DATA FOR REVIEW:
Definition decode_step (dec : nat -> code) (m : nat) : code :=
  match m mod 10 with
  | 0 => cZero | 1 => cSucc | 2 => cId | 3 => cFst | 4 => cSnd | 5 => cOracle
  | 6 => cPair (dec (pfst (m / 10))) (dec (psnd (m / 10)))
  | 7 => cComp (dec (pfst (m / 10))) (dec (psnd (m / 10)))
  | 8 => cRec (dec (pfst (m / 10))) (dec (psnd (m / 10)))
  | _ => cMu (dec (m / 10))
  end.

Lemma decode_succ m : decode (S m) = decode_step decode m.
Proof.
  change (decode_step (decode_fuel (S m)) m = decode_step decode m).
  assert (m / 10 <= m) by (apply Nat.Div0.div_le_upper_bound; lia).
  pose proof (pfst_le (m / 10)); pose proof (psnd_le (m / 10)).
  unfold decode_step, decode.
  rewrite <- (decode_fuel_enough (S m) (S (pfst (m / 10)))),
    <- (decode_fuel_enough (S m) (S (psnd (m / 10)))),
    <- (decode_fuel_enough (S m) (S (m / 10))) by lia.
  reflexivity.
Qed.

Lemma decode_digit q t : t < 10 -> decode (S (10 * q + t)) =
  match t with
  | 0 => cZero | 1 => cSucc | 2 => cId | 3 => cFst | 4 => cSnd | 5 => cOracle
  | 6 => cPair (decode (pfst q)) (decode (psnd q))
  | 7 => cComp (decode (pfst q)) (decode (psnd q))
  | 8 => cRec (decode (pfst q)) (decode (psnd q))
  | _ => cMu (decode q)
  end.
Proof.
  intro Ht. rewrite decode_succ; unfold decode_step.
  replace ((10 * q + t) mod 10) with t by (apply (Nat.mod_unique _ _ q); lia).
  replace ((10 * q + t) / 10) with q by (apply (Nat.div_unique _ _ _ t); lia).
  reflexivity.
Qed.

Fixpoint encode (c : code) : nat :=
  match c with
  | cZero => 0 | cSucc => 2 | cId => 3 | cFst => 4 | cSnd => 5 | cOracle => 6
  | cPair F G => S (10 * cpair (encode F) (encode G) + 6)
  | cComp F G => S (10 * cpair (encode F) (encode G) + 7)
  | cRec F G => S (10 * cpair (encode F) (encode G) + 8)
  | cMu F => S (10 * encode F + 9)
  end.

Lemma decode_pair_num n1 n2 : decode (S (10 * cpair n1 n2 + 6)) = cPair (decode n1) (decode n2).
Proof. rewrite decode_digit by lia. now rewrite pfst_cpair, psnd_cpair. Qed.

==

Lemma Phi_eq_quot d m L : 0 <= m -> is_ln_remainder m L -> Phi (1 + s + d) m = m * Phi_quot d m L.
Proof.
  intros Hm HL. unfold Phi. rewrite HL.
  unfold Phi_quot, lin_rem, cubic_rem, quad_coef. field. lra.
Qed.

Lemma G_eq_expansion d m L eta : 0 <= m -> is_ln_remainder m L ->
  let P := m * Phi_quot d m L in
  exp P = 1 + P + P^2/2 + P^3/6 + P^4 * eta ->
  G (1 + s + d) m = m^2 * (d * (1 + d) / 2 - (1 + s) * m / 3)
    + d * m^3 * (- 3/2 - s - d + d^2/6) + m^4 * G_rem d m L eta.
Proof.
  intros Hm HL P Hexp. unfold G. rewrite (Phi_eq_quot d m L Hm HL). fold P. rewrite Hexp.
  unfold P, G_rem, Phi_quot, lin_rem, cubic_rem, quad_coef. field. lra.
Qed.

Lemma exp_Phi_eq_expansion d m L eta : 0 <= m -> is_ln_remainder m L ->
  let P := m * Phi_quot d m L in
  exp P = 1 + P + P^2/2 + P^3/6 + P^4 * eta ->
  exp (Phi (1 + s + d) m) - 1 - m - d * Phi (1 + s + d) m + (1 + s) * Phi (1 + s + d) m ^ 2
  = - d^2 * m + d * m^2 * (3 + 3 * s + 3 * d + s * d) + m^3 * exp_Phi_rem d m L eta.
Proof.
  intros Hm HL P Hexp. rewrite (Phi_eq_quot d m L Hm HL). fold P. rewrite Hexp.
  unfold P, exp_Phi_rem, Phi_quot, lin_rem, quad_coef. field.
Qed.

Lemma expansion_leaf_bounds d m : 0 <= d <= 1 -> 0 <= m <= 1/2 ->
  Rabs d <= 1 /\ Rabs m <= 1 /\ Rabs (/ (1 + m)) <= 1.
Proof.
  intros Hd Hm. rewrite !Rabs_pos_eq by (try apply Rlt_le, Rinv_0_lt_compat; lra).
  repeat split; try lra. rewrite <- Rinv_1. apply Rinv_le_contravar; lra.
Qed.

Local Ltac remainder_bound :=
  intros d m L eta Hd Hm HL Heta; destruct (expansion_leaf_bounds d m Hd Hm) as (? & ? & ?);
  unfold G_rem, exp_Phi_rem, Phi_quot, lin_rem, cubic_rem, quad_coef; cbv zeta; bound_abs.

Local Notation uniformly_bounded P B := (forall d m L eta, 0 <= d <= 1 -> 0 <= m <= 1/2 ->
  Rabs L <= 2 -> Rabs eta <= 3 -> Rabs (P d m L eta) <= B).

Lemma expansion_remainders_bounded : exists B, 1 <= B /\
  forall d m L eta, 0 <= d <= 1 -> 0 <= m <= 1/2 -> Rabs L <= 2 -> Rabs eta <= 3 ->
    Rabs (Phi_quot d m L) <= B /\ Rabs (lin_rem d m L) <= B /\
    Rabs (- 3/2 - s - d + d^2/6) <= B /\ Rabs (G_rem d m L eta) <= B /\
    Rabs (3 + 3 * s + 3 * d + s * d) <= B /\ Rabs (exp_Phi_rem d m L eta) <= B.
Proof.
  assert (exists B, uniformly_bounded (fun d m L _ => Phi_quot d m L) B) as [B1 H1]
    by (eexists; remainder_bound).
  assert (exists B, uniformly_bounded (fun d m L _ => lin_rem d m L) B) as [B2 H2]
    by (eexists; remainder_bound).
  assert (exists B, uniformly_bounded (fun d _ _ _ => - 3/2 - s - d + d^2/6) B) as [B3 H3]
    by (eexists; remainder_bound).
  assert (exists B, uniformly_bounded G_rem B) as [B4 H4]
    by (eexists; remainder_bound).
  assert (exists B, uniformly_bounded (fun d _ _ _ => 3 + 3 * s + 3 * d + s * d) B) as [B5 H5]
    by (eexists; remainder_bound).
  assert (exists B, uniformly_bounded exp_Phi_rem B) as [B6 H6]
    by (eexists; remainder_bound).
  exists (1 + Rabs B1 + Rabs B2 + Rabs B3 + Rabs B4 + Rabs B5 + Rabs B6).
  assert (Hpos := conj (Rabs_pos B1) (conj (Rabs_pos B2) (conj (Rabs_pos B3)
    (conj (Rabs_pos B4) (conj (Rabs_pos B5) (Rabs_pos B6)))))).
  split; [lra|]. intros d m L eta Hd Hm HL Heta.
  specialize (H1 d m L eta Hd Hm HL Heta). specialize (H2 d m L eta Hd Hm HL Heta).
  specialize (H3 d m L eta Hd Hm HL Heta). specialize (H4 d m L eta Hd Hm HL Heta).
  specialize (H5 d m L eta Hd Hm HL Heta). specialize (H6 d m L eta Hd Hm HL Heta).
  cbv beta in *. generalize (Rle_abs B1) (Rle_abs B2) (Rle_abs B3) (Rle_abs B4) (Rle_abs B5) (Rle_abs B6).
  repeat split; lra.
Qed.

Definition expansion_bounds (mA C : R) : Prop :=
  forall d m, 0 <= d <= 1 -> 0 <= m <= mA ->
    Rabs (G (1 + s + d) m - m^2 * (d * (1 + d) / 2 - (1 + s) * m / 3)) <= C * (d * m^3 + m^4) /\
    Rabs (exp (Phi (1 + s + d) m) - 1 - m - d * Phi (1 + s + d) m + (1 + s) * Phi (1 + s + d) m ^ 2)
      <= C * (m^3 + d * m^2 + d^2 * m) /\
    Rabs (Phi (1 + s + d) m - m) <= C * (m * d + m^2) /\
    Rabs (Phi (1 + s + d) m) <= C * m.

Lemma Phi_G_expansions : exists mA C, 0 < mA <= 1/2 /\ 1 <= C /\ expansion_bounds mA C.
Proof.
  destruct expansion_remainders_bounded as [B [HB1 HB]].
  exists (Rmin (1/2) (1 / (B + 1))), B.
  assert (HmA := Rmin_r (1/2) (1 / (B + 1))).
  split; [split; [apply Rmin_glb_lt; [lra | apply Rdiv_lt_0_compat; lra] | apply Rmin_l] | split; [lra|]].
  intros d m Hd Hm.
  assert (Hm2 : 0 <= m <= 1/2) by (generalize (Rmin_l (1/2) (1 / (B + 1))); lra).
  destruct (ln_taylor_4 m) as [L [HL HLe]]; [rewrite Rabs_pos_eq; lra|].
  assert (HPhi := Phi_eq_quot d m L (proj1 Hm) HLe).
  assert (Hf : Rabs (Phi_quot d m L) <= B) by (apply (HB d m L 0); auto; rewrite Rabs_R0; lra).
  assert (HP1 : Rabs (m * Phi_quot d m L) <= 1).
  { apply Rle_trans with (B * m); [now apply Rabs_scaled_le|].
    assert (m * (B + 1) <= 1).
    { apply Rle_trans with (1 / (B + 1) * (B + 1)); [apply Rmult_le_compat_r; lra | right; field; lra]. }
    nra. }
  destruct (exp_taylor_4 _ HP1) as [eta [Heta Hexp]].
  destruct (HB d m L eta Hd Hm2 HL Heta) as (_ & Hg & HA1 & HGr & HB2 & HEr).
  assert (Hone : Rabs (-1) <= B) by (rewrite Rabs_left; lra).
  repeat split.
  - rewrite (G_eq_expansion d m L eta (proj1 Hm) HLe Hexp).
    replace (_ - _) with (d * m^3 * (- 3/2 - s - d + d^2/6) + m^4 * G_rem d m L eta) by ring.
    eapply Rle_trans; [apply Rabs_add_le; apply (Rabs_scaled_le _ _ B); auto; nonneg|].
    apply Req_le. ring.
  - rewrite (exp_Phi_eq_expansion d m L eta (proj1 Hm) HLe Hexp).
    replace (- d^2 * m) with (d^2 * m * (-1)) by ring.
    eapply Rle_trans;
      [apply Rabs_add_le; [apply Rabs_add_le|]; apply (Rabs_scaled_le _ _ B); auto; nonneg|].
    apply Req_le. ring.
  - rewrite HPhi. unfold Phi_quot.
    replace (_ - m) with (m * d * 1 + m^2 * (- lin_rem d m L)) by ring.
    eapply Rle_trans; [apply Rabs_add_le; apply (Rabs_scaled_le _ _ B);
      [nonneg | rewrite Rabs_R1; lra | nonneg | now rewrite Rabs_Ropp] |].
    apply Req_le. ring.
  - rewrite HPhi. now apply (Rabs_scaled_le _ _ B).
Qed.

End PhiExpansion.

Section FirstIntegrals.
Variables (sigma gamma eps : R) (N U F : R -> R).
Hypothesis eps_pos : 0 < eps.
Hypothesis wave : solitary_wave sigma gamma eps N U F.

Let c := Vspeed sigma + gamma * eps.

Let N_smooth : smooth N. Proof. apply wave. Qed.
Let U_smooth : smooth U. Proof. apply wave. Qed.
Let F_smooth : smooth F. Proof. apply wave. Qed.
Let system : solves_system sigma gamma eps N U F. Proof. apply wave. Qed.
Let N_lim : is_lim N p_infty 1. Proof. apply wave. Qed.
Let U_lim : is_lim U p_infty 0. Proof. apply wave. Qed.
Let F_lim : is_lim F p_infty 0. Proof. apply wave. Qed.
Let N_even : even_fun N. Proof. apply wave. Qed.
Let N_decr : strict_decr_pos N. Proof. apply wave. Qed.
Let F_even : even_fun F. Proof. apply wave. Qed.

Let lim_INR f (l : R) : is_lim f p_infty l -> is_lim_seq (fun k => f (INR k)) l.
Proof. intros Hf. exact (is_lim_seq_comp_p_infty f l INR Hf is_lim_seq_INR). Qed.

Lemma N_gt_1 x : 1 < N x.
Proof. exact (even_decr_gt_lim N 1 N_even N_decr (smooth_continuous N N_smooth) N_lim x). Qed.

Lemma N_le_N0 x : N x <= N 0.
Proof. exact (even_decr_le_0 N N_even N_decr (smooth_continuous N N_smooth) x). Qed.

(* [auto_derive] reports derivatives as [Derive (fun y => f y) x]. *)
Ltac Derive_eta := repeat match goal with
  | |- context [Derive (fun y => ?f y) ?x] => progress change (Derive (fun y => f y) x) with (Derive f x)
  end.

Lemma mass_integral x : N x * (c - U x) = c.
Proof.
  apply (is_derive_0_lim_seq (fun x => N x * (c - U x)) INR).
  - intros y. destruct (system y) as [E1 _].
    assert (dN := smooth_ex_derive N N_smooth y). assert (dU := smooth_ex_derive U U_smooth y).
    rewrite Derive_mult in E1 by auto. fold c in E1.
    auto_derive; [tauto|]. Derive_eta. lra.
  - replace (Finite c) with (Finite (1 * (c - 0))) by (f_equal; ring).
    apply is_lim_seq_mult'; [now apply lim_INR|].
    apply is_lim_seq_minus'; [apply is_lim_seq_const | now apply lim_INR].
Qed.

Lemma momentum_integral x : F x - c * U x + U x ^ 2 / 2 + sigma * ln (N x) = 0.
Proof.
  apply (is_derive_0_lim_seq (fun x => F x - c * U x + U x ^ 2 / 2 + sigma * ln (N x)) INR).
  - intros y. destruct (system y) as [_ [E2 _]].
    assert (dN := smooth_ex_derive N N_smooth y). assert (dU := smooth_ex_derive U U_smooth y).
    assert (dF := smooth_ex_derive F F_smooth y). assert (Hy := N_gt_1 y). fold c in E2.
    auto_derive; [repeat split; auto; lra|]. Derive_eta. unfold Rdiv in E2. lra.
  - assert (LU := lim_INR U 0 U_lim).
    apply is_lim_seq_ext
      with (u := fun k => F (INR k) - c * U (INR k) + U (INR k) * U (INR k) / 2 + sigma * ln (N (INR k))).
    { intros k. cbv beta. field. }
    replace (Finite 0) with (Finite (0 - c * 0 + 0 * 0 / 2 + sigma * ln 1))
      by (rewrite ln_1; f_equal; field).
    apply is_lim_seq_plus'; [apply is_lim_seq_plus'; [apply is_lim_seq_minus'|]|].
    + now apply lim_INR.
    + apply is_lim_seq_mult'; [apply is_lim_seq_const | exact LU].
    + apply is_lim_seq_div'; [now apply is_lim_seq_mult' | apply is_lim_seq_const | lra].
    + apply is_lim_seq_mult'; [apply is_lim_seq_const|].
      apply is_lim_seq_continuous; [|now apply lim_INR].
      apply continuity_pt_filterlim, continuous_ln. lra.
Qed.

EXERCISE DETAILS:
What lines hold the string "cComp"? Pick them out of the data.

RESPONSE TO THE EXERCISE:
  | 7 => cComp (dec (pfst (m / 10))) (dec (psnd (m / 10)))
  | 7 => cComp (decode (pfst q)) (decode (psnd q))
  | cComp F G => S (10 * cpair (encode F) (encode G) + 7)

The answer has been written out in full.